An encoding concept which is linear prediction based and uses spectral domain noise shaping is rendered less complex at a comparable coding efficiency in terms of, for example, rate/distortion ratio, by using the spectral decomposition of the audio input signal into a spectrogram having a sequence of spectra for both linear prediction coefficient computation as well as spectral domain shaping based on the linear prediction coefficients. The coding efficiency may remain even if such a lapped transform is used for the spectral decomposition which causes aliasing and necessitates time aliasing cancellation such as critically sampled lapped transforms such as an MDCT.

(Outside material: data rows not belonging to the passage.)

Arguments Hom : clear implicits.
Arguments C : clear implicits.
Arguments s2 {_ _ _}.
Arguments t2 {_ _ _}.
Arguments id1 {_}.
Arguments comp1 {_ _ _ _}.
Arguments id2 {_ _ _}.
Arguments vc {_ _ _}.
Arguments hc {_ _ _ _}.

Section Defs.
Variable K : TwoCat.

Definition cell2 {a b} (al : C K a b) (f g : Hom K a b) : Prop :=
  s2 al = f /\ t2 al = g.

(** whiskerings: [wl V al] is "V al", [wr al V] is "al V". *)
Definition wl {a b c} (V : Hom K b c) (al : C K a b) : C K a c := hc (id2 V) al.
Definition wr {a b c} (al : C K b c) (V : Hom K a b) : C K a c := hc al (id2 V).

Definition is_monad {k} (t : Hom K k k) (mu eta : C K k k) : Prop :=
  cell2 mu (comp1 t t) t /\ cell2 eta (id1 k) t /\
  vc mu (wl t mu) = vc mu (wr mu t) /\
  vc mu (wl t eta) = id2 t /\
  vc mu (wr eta t) = id2 t.

Definition is_alg {l k} (t : Hom K k k) (mu eta : C K k k)
    (A : Hom K l k) (alpha : C K l k) : Prop :=
  cell2 alpha (comp1 t A) A /\
  vc alpha (wl t alpha) = vc alpha (wr mu A) /\
  vc alpha (wr eta A) = id2 A.

(** Eilenberg-Moore object data (J, v, f, eps) for the monad (t, mu, eta) on k:
    adjunction f -| v with unit eta and counit eps, t = v f, mu = v eps f, and
    for every l the comparison X |-> (vX, v eps X), omega |-> v omega is an
    isomorphism of K(l, J) with the category of t-algebras. *)
Definition EM_data {k} (t : Hom K k k) (mu eta : C K k k)
    (J : Ob K) (v : Hom K J k) (f : Hom K k J) (eps : C K J J) : Prop :=
  cell2 eps (comp1 f v) (id1 J) /\
  comp1 v f = t /\
  mu = wr (wl v eps) f /\
  vc (wl v eps) (wr eta v) = id2 v /\
  vc (wr eps f) (wl f eta) = id2 f /\
  (forall l (A : Hom K l k) (alpha : C K l k), is_alg t mu eta A alpha ->
     exists! X : Hom K l J, comp1 v X = A /\ wr (wl v eps) X = alpha) /\
  (forall l (X Y : Hom K l J) (rho : C K l k),
     cell2 rho (comp1 v X) (comp1 v Y) ->
     vc (wr (wl v eps) Y) (wl t rho) = vc rho (wr (wl v eps) X) ->
     exists! om : C K l J, cell2 om X Y /\ wl v om = rho).

Definition admits_EM : Prop :=
  forall k (t : Hom K k k) (mu eta : C K k k), is_monad t mu eta ->
  exists (J : Ob K) (v : Hom K J k) (f : Hom K k J) (eps : C K J J),
    EM_data t mu eta J v f eps.

Definition idempotents_split : Prop :=
  forall a b (f : Hom K a b) (e : C K a b), cell2 e f f -> vc e e = e ->
  exists (g : Hom K a b) (p i : C K a b),
    cell2 p f g /\ cell2 i g f /\ vc p i = id2 g /\ vc i p = e.

Definition EMw_1cell {k k'} (t : Hom K k k) (mu : C K k k)
    (t' : Hom K k' k') (mu' : C K k' k') (V : Hom K k k') (psi : C K k k') : Prop :=
  cell2 psi (comp1 t' V) (comp1 V t) /\
  vc (wl V mu) (vc (wr psi t) (wl t' psi)) = vc psi (wr mu' V).

Definition EM_1cell {k k'} (t : Hom K k k) (mu eta : C K k k)
    (t' : Hom K k' k') (mu' eta' : C K k' k') (V : Hom K k k') (psi : C K k k') : Prop :=
  EMw_1cell t mu t' mu' V psi /\ vc psi (wr eta' V) = wl V eta.

Definition EMw_2cell {k k'} (t : Hom K k k) (mu : C K k k)
    (t' : Hom K k' k') (eta' : C K k' k')
    (V : Hom K k k') (psi : C K k k') (W : Hom K k k') (phi : C K k k')
    (rho : C K k k') : Prop :=
  cell2 rho V (comp1 W t) /\
  vc (wl W mu) (vc (wr rho t) psi) = vc (wl W mu) (vc (wr phi t) (wl t' rho)) /\
  rho = vc (wl W mu) (vc (wr phi t) (vc (wr eta' (comp1 W t)) rho)).

(** 1-cell composite (V', psi') o (V, psi) = (V'V, V'psi * psi'V). *)
Definition EMw_comp_cell {k k' k''} (V' : Hom K k' k'') (psi' : C K k' k'')
    (V : Hom K k k') (psi : C K k k') : C K k k'' :=
  vc (wl V' psi) (wr psi' V).

Definition Imon_t (l : Ob K) : Hom K l l := id1 l.
Definition Imon_mu (l : Ob K) : C K l l := id2 (id1 l).
Definition Imon_eta (l : Ob K) : C K l l := id2 (id1 l).

End Defs.

Arguments cell2 {K a b}.
Arguments wl {K a b c}.
Arguments wr {K a b c}.
Arguments is_monad {K k}.
Arguments is_alg {K l k}.
Arguments EM_data {K k}.
Arguments EMw_1cell {K k k'}.
Arguments EM_1cell {K k k'}.
Arguments EMw_2cell {K k k'}.
Arguments EMw_comp_cell {K k k' k''}.
Arguments Imon_t {K}.
Arguments Imon_mu {K}.
Arguments Imon_eta {K}.

From Stdlib Require Import ClassicalEpsilon ProofIrrelevance.

(* For a t-algebra (A, a), the 2-cell s a * psi A is an associative action of t
   on s A, and e_A := s a * psi A * eta s A is idempotent.  For the algebra
   (vV, v eps V) this idempotent is (iota pi) V, so s~ V = v J^w(s, psi) V is its
   image, and a 2-cell zeta : J^w(s, psi) V => V is the same as a t-algebra map
   v zeta : s~ V => v V.  Pre- and post-composing with iota V and pi V identifies
   such maps with the maps lambda : s v V => v V compatible with the twisted
   action, which are exactly the EM^w 2-cells of (ii).  Since every EM 1-cell
   I(l) -> t is a t-algebra, hence of the form (vV, v eps V) for a unique V, the
   two sides correspond bijectively. *)

Section Whiskering.
Variable K : TwoCat.
Implicit Types a b c d : Ob K.

Lemma vc_id2l_eq a b (x : C K a b) g : t2 x = g -> vc (id2 g) x = x.
Proof. intros <-; apply vc_id2l. Qed.

Lemma vc_id2r_eq a b (x : C K a b) g : s2 x = g -> vc x (id2 g) = x.
Proof. intros <-; apply vc_id2r. Qed.

Lemma vc_id2_id2 a b (g : Hom K a b) : vc (id2 g) (id2 g) = id2 g.
Proof. apply vc_id2l_eq, t2_id2. Qed.

Lemma wl_vc a b c (V : Hom K b c) (x y : C K a b) : s2 x = t2 y ->
  wl V (vc x y) = vc (wl V x) (wl V y).
Proof.
  intros Hxy; unfold wl; rewrite <- (vc_id2_id2 _ _ V) at 1.
  apply interchange; [rewrite s2_id2, t2_id2|]; auto.
Qed.

Lemma wr_vc a b c (V : Hom K a b) (x y : C K b c) : s2 x = t2 y ->
  wr (vc x y) V = vc (wr x V) (wr y V).
Proof.
  intros Hxy; unfold wr; rewrite <- (vc_id2_id2 _ _ V) at 1.
  apply interchange; [|rewrite s2_id2, t2_id2]; auto.
Qed.

Lemma wl_comp1 a b c d (V : Hom K c d) (W : Hom K b c) (x : C K a b) :
  wl (comp1 V W) x = wl V (wl W x).
Proof. unfold wl; rewrite hcA, hc_id2; reflexivity. Qed.

Lemma wr_comp1 a b c d (x : C K c d) (V : Hom K b c) (W : Hom K a b) :
  wr x (comp1 V W) = wr (wr x V) W.
Proof. unfold wr; rewrite <- hcA, hc_id2; reflexivity. Qed.

Lemma wl_wr a b c d (V : Hom K c d) (x : C K b c) (W : Hom K a b) :
  wl V (wr x W) = wr (wl V x) W.
Proof. apply hcA. Qed.

Lemma wl_id1 a b (x : C K a b) : wl (id1 b) x = x.
Proof. apply hc_id2l. Qed.

Lemma wr_id1 a b (x : C K a b) : wr x (id1 a) = x.
Proof. apply hc_id2r. Qed.

Lemma wl_id2 a b c (V : Hom K b c) (g : Hom K a b) : wl V (id2 g) = id2 (comp1 V g).
Proof. apply hc_id2. Qed.

Lemma wr_id2 a b c (V : Hom K a b) (g : Hom K b c) : wr (id2 g) V = id2 (comp1 g V).
Proof. apply hc_id2. Qed.

(* Both sides equal the horizontal composite [hc x y]. *)
Lemma whisker_exchange a b c (x : C K b c) (y : C K a b) f g f' g' :
  s2 x = f -> t2 x = g -> s2 y = f' -> t2 y = g' ->
  vc (wr x g') (wl f y) = vc (wl g y) (wr x f').
Proof.
  intros Hxs Hxt Hys Hyt; unfold wl, wr; transitivity (hc x y).
  - rewrite <- interchange by (rewrite ?s2_id2, ?t2_id2; auto).
    rewrite vc_id2r_eq, vc_id2l_eq; auto.
  - rewrite <- interchange by (rewrite ?s2_id2, ?t2_id2; auto).
    rewrite vc_id2r_eq, vc_id2l_eq; auto.
Qed.

Lemma vcA_rewrite a b (x y z r : C K a b) : vc x y = z -> s2 x = t2 y -> s2 y = t2 r ->
  vc x (vc y r) = vc z r.
Proof. intros <- Hxy Hyr; apply vcA; auto. Qed.

End Whiskering.

(* Source/target bookkeeping: compute both sides of an equation between 1-cells
   from the typing hypotheses in context and normalize composites of 1-cells. *)
Create HintDb cells.
#[export] Hint Rewrite comp1A comp1_id1l comp1_id1r : cells.

Ltac cells := unfold wl, wr, EMw_comp_cell; repeat cells_step;
  autorewrite with cells; reflexivity
with cells_step := first
 [ rewrite s2_hc | rewrite t2_hc | rewrite s2_id2 | rewrite t2_id2
 | rewrite s2_vc by cells | rewrite t2_vc by cells
 | match goal with H : s2 ?a = _ |- context [s2 ?a] => rewrite H end
 | match goal with H : t2 ?a = _ |- context [t2 ?a] => rewrite H end ].

Ltac vc_assoc_right := repeat (rewrite <- vcA by cells).

Section MonadAlgebras.
Variable K : TwoCat.
Variables (k : Ob K) (t : Hom K k k) (mu eta : C K k k).
Hypothesis Hmon : is_monad t mu eta.
Let Hmu_s : s2 mu = comp1 t t := proj1 (proj1 Hmon).
Let Hmu_t : t2 mu = t := proj2 (proj1 Hmon).
Let Heta_s : s2 eta = id1 k := proj1 (proj1 (proj2 Hmon)).
Let Heta_t : t2 eta = t := proj2 (proj1 (proj2 Hmon)).
Let Hmu_eta_l : vc mu (wl t eta) = id2 t := proj1 (proj2 (proj2 (proj2 Hmon))).
Let Hmu_eta_r : vc mu (wr eta t) = id2 t := proj2 (proj2 (proj2 (proj2 Hmon))).
Variables (s : Hom K k k) (psi : C K k k).
Hypothesis Hs : EMw_1cell t mu t mu s psi.
Let Hpsi_s : s2 psi = comp1 t s := proj1 (proj1 Hs).
Let Hpsi_t : t2 psi = comp1 s t := proj2 (proj1 Hs).
Let Hpsi : vc (wl s mu) (vc (wr psi t) (wl t psi)) = vc psi (wr mu s) := proj2 Hs.

Section Algebra.
Variables (l : Ob K) (A : Hom K l k) (al : C K l k).
Hypothesis Halg : is_alg t mu eta A al.
Let Hal_s : s2 al = comp1 t A := proj1 (proj1 Halg).
Let Hal_t : t2 al = A := proj2 (proj1 Halg).
Let Hal_assoc : vc al (wl t al) = vc al (wr mu A) := proj1 (proj2 Halg).
Let Hal_unit : vc al (wr eta A) = id2 A := proj2 (proj2 Halg).

Lemma is_alg_wr l' (V : Hom K l' l) : is_alg t mu eta (comp1 A V) (wr al V).
Proof.
  split; [split; cells|split].
  - rewrite wl_wr, wr_comp1, <- !wr_vc by cells. rewrite Hal_assoc; reflexivity.
  - rewrite wr_comp1, <- wr_vc by cells. rewrite Hal_unit, wr_id2; reflexivity.
Qed.

Local Notation twisted := (vc (wl s al) (wr psi A)).
Local Notation idem := (vc twisted (wr eta (comp1 s A))).

Lemma twisted_assoc : vc twisted (wl t twisted) = vc twisted (wr mu (comp1 s A)).
Proof.
  rewrite wl_vc by cells. vc_assoc_right.
  assert (Hnat : vc (wr psi A) (wl t (wl s al))
               = vc (wl s (wl t al)) (wr (wr psi t) A)).
  { rewrite <- !wl_comp1, <- wr_comp1. apply whisker_exchange; auto. }
  rewrite (vcA_rewrite _ _ _ _ _ _ _ Hnat) by cells. vc_assoc_right.
  assert (Hassoc : vc (wl s al) (wl s (wl t al)) = vc (wl s al) (wl s (wr mu A))).
  { rewrite <- !wl_vc by cells. rewrite Hal_assoc; reflexivity. }
  rewrite (vcA_rewrite _ _ _ _ _ _ _ Hassoc) by cells. vc_assoc_right.
  assert (Hpsi_A : vc (wl s (wr mu A)) (vc (wr (wr psi t) A) (wl t (wr psi A)))
                 = vc (wr psi A) (wr (wr mu s) A)).
  { rewrite !wl_wr, <- !wr_vc by cells. rewrite Hpsi; reflexivity. }
  rewrite Hpsi_A, wr_comp1; reflexivity.
Qed.

Lemma twisted_t_idem : vc twisted (wl t idem) = twisted.
Proof.
  rewrite wl_vc, vcA, twisted_assoc, <- vcA by cells.
  rewrite wl_wr, !wr_comp1, <- !wr_vc by cells. rewrite Hmu_eta_l, !wr_id2.
  apply vc_id2r_eq; cells.
Qed.

Lemma idem_twisted : vc idem twisted = twisted.
Proof.
  rewrite <- vcA by cells.
  assert (Hnat := whisker_exchange _ _ _ _ eta twisted (id1 k) t
                    (comp1 t (comp1 s A)) (comp1 s A) Heta_s Heta_t
                    ltac:(cells) ltac:(cells)).
  rewrite wl_id1 in Hnat. rewrite Hnat, vcA, twisted_assoc, <- vcA by cells.
  rewrite !wr_comp1, <- !wr_vc by cells. rewrite Hmu_eta_r, !wr_id2.
  apply vc_id2r_eq; cells.
Qed.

Legal claims defining the scope of protection. Each claim is shown in both the original legal language and a plain English translation.
1. An audio encoder comprising: a spectral decomposer for spectrally decomposing, using a modified discrete cosine transformation, an audio input signal into a spectrogram of a sequence of spectrums; an autocorrelation computer configured to compute an autocorrelation from a current spectrum of the sequence of spectrums; a linear prediction coefficient computer configured to compute linear prediction coefficients based on the autocorrelation; a spectral domain shaper configured to spectrally shape the current spectrum based on the linear prediction coefficients; and a quantization stage configured to quantize the spectrally shaped spectrum; wherein the audio encoder is configured to insert information on the quantized spectrally shaped spectrum and information on the linear prediction coefficients into a data stream, and wherein the autocorrelation computer is configured to, in computing the autocorrelation from the current spectrum, compute the power spectrum from the current spectrum, and subject the power spectrum to an inverse odd frequency discrete fourier transform, wherein the audio encoder further comprises: a spectrum predictor configured to predictively filter the current spectrum along a spectral dimension, wherein the spectral domain shaper is configured to spectrally shape the predictively filtered current spectrum, and the audio encoder is configured to insert information on how to reverse the predictive filtering into the data stream.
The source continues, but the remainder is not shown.